## What to do
Copy out the lines below that hold the word "Unset".

## Excerpted data

(* Let $T$ be a complete first-order theory and $\varphi(x,y)$ a formula. The following are equivalent: (1) $T$ admits arbitrary cograph consistency-inconsistency patterns for $\varphi(x,y)$; (2) $T$ has a $(2,\omega,\omega)$-weave for $\varphi(x,y)$ of depth $\omega$ (equivalently, a strong one); (3) $T$ has a $(2,1,\omega)$-weave for $\varphi(x,y)$ of depth $\omega$ (equivalently, a strong one); (4) for every $d<\omega$, $T$ has a $(2,\omega,\omega)$-weave for $\varphi(x,y)$ of depth $d$; (5) for every $d<\omega$, $T$ has a $(2,1,\omega)$-weave for $\varphi(x,y)$ of depth $d$.
   Context: Cographs: the smallest class of finite graphs containing the one-vertex graph and closed under disjoint unions (coproducts) and graph joins (disjoint union plus all edges between the two parts). $T$ admits arbitrary cograph consistency-inconsistency patterns for $\varphi(x,y)$ if for every cograph $(V,E)$ there is a family $(b_v:v\in V)$ of parameters in a model of $T$ such that for every $V_0\subseteq V$, $\{\varphi(x,b_v):v\in V_0\}$ is consistent iff $V_0$ is an anticlique (contains no edge). Weaves: $2^2=\{0,1\}^2$; for $L$ an ordinal ($\omega$ or finite $d$), $(2^2)^L$ is the set of functions $L\to2^2$, $(2^2)^{<L}$ the set of sequences of length $<L$, $\tau^\frown a$ concatenation. For $A,B\subseteq(2^2)^L$: $A$ narrowly below $B$: some $\tau\in(2^2)^{<L}$, $i<2$, with all elements of $A$ extending $\tau^\frown(i,0)$ and all of $B$ extending $\tau^\frown(i,1)$; $A$ narrowly to the left of $B$: some $\tau$, $j<2$, $A$'s extending $\tau^\frown(0,j)$, $B$'s extending $\tau^\frown(1,j)$; $A$ widely to the left of $B$: some $\sigma$, $A$'s extending $\sigma^\frown(0,0)$ or $\sigma^\frown(0,1)$, $B$'s extending $\sigma^\frown(1,0)$ or $\sigma^\frown(1,1)$. For $n\le\omega$: finite up-$n$-combs form the smallest class of finite sets containing singletons and containing $A\cup B$ whenever $A,B$ are in it, $|A|\le n$ and $A$ narrowly below $B$; finite right-$n$-combs likewise with narrowly left; finite wide right-$n$-combs: smallest class containing singletons and containing $A\cup B$ whenever $A,B$ are finite right-$n$-combs, $|A|\le n$, $A$ widely left of $B$. A $(k,m,n)$-weave for $\varphi$ of depth $L$ is $(b_\sigma:\sigma\in(2^2)^L)$ with $\{\varphi(x,b_\sigma):\sigma\in C\}$ $k$-inconsistent for finite up-$m$-combs $C$ and consistent for finite right-$n$-combs $C$; strong if also consistent for finite wide right-$n$-combs $C$. *)

From mathcomp Require Import all_boot.
From Stdlib Require List.
Set Implicit Arguments.
Unset Strict Implicit.
Unset Printing Implicit Defensive.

## Written answer
Unset Strict Implicit.
Unset Printing Implicit Defensive.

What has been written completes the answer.